Brief: Would you please return the lines of the entries below starting at the line that has "by rewrite fibw_central even_j" and ending at the line that has "Lemma V_nfact N", both included, exactly as they are?
(Source material)
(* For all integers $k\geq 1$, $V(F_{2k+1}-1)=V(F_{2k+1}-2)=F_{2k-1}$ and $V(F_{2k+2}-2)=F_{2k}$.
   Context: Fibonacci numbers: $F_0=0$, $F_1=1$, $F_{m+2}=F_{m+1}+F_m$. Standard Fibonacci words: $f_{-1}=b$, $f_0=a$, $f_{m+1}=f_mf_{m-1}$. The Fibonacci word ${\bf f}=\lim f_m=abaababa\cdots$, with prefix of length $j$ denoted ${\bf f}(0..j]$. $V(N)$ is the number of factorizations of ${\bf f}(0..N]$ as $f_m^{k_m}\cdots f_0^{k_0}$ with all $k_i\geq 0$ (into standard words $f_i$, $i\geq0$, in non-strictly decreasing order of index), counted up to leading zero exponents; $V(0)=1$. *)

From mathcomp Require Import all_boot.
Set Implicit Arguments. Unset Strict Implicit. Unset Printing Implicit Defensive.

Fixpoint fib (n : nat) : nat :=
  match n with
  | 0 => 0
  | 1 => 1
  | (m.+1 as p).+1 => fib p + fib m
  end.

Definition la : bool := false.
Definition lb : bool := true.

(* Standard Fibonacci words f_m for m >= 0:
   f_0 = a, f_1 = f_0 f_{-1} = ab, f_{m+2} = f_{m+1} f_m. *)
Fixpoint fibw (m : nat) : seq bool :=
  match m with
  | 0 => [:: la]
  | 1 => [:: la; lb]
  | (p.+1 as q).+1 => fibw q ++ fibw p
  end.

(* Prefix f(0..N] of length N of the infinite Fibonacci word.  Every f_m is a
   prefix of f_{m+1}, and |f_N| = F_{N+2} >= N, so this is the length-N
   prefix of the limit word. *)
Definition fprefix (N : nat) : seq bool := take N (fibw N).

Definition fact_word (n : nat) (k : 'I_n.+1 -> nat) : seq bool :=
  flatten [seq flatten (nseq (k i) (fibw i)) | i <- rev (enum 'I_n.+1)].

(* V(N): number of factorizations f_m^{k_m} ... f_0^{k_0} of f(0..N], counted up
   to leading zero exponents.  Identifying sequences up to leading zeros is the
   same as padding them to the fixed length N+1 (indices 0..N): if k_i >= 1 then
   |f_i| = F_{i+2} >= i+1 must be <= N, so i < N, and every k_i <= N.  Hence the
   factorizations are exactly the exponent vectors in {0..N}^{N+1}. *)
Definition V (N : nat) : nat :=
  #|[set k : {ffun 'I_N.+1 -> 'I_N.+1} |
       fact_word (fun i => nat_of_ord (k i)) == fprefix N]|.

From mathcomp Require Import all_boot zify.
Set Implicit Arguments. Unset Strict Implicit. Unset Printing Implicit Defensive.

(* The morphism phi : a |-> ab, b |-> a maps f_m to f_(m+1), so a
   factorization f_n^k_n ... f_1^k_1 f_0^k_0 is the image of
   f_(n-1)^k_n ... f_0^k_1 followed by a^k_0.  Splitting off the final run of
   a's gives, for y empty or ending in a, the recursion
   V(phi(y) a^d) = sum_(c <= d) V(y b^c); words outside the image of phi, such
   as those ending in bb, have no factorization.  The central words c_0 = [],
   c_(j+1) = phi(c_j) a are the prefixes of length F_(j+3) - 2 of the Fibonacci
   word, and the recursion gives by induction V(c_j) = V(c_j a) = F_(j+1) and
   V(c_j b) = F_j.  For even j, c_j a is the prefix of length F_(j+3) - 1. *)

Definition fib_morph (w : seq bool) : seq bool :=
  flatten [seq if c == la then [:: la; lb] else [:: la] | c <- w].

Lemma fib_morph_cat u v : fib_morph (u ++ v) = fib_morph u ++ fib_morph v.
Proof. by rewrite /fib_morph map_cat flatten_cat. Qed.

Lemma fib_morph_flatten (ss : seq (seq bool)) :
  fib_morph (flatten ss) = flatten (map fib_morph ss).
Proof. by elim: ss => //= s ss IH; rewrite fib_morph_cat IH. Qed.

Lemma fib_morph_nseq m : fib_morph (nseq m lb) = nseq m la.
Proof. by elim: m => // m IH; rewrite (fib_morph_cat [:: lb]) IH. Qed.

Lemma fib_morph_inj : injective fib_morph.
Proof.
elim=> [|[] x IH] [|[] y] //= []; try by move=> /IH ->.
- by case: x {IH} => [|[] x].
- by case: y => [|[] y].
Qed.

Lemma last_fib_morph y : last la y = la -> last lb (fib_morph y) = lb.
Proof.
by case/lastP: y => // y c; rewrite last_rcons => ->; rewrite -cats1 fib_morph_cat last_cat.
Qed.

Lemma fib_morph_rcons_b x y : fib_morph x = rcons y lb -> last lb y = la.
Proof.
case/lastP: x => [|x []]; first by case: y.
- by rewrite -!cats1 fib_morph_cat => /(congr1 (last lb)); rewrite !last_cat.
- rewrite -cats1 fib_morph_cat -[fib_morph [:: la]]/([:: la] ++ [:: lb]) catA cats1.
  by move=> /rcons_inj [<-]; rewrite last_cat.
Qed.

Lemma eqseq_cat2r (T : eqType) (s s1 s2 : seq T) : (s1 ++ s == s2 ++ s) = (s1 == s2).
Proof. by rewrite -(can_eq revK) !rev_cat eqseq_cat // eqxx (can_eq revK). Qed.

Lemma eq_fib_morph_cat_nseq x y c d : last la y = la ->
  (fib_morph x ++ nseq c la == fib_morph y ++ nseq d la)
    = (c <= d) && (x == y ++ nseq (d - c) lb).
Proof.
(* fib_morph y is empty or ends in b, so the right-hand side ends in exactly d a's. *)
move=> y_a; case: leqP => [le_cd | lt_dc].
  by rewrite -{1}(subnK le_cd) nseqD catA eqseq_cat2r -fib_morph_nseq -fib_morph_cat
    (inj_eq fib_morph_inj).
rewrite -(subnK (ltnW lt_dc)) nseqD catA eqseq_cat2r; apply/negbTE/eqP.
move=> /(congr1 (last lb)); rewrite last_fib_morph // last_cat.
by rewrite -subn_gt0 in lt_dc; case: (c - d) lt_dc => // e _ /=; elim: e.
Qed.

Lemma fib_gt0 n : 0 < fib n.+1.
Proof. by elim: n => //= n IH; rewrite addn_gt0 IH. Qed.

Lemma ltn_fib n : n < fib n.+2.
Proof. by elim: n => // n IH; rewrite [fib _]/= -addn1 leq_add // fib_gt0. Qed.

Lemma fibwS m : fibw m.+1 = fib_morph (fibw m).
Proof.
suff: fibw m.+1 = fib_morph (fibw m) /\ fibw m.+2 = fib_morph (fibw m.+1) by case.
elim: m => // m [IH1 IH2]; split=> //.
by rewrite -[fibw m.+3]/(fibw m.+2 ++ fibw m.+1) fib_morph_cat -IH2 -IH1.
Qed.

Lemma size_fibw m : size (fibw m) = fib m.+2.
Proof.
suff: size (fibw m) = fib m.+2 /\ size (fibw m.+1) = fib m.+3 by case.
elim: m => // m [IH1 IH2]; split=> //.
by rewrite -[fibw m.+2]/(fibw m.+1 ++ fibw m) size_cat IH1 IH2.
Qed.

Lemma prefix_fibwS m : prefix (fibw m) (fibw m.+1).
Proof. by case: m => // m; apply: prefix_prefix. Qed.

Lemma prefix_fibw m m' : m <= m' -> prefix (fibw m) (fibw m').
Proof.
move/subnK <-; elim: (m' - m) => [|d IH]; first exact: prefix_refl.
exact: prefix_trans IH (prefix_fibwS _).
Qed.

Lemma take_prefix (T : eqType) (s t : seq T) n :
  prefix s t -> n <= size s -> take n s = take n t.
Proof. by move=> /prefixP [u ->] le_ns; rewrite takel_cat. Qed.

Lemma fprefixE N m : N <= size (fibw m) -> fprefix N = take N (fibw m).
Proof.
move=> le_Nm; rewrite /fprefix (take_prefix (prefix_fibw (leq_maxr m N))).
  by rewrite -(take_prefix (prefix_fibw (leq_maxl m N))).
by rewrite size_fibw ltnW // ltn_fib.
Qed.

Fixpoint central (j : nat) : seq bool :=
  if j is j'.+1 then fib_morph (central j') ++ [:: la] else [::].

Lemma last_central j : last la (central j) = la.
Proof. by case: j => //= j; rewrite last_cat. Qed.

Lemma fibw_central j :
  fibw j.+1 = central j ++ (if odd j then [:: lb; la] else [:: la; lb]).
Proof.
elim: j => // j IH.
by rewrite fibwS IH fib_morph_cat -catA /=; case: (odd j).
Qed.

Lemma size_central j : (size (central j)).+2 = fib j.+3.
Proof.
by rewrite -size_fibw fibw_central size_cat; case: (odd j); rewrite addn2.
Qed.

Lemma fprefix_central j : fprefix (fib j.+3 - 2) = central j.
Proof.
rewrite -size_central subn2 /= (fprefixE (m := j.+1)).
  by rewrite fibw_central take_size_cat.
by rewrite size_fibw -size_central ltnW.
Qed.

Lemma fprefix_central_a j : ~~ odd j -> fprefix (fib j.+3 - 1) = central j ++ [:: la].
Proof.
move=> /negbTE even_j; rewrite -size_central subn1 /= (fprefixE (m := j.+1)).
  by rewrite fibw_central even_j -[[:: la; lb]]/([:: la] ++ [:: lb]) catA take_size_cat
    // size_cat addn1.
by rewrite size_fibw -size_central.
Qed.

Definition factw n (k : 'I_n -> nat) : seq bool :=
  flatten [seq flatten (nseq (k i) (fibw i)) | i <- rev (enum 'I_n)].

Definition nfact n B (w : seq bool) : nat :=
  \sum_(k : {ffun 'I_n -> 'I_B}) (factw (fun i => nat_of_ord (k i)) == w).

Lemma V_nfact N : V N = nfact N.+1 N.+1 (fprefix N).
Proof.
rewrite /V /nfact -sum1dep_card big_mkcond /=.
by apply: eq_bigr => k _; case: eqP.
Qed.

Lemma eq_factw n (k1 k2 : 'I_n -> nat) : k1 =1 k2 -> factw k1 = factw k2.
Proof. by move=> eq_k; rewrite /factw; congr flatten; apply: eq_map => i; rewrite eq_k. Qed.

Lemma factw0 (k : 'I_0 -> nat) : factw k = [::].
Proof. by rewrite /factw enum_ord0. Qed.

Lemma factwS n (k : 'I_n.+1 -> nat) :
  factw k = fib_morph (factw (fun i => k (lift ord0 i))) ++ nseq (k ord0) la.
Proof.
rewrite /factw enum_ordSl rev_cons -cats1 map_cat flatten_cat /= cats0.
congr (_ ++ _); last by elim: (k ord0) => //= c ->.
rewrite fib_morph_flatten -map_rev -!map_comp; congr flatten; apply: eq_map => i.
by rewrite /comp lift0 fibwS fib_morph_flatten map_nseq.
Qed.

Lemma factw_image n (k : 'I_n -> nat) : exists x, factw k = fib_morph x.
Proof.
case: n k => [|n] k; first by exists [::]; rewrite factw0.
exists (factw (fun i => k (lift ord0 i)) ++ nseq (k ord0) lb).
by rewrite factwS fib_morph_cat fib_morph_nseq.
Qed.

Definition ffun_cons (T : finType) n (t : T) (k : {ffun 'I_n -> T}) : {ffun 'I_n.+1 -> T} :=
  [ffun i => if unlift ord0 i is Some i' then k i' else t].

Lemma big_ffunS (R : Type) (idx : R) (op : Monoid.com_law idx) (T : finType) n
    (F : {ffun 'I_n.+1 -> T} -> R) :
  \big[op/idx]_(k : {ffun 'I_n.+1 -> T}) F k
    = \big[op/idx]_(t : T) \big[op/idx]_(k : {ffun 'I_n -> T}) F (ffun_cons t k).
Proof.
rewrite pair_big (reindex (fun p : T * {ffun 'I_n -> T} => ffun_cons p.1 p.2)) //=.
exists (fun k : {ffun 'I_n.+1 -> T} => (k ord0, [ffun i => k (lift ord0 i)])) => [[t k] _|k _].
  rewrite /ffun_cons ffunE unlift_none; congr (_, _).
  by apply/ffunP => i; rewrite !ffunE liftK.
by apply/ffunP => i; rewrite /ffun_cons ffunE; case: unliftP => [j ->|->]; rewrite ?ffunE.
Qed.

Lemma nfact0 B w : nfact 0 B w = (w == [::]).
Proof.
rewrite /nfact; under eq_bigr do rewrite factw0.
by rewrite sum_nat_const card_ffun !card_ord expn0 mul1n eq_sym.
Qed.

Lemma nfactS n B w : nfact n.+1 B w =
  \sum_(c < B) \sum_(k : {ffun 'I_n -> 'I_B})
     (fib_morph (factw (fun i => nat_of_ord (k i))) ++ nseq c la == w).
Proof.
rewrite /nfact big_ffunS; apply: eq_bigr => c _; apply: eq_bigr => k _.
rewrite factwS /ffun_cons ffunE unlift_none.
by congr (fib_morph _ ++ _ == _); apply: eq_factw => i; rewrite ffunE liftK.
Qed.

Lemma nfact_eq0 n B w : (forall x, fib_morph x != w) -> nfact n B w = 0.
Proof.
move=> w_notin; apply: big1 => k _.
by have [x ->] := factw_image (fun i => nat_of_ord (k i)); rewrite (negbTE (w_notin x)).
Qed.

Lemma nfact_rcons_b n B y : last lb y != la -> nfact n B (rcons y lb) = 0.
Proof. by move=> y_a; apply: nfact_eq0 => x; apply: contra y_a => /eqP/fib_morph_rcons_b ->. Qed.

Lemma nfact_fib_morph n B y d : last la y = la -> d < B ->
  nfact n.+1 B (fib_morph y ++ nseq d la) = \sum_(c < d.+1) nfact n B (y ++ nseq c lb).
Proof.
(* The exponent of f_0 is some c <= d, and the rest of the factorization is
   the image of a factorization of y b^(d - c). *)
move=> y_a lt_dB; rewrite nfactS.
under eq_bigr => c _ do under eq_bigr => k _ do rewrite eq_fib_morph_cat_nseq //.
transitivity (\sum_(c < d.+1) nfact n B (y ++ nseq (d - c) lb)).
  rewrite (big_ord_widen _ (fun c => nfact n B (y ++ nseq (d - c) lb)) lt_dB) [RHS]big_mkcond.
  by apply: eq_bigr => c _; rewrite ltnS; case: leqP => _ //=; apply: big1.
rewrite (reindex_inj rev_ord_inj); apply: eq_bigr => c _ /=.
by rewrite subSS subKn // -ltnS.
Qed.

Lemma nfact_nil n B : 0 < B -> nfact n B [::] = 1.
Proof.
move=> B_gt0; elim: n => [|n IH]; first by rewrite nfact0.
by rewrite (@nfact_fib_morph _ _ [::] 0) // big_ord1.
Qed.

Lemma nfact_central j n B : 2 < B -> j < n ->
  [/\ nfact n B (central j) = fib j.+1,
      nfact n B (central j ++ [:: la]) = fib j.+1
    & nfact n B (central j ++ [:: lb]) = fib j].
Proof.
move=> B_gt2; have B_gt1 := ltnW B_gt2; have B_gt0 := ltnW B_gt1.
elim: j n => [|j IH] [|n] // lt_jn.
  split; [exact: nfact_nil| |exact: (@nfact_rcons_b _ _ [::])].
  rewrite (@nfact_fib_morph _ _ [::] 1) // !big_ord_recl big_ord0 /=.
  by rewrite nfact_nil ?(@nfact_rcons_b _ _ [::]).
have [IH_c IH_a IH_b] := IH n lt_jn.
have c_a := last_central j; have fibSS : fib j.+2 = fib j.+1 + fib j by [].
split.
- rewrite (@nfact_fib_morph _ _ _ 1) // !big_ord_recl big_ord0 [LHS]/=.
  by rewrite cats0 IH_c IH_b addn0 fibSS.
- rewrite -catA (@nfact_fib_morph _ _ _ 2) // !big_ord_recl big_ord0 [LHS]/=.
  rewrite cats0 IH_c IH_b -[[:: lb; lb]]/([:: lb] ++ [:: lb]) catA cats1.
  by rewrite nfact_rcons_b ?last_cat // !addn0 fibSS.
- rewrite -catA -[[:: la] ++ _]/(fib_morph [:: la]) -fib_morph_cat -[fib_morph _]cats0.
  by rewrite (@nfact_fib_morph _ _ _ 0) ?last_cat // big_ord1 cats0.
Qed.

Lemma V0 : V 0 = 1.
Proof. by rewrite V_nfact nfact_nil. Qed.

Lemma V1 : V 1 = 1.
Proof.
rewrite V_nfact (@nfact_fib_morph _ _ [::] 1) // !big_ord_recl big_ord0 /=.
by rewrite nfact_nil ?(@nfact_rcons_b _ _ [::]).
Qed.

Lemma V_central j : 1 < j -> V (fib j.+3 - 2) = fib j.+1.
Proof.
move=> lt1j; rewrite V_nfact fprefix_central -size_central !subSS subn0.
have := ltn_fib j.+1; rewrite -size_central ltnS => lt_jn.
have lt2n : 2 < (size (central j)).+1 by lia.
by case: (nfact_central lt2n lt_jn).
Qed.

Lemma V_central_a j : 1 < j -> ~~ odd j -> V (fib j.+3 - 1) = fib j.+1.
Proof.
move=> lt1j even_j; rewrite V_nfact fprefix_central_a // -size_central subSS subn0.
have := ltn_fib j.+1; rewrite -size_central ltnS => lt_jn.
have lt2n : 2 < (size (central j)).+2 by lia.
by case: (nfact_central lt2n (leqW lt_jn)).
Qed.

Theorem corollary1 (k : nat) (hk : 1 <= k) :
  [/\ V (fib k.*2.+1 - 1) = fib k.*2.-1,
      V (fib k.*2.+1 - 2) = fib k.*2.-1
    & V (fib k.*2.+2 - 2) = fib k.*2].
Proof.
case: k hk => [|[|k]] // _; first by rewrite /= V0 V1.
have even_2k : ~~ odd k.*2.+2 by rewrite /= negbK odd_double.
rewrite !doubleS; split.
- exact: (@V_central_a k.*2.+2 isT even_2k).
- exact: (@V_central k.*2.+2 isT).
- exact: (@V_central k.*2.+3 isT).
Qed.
(End Source material)
Exercise answer:
  by rewrite fibw_central even_j -[[:: la; lb]]/([:: la] ++ [:: lb]) catA take_size_cat
    // size_cat addn1.
by rewrite size_fibw -size_central.
Qed.

Definition factw n (k : 'I_n -> nat) : seq bool :=
  flatten [seq flatten (nseq (k i) (fibw i)) | i <- rev (enum 'I_n)].

Definition nfact n B (w : seq bool) : nat :=
  \sum_(k : {ffun 'I_n -> 'I_B}) (factw (fun i => nat_of_ord (k i)) == w).

Lemma V_nfact N : V N = nfact N.+1 N.+1 (fprefix N).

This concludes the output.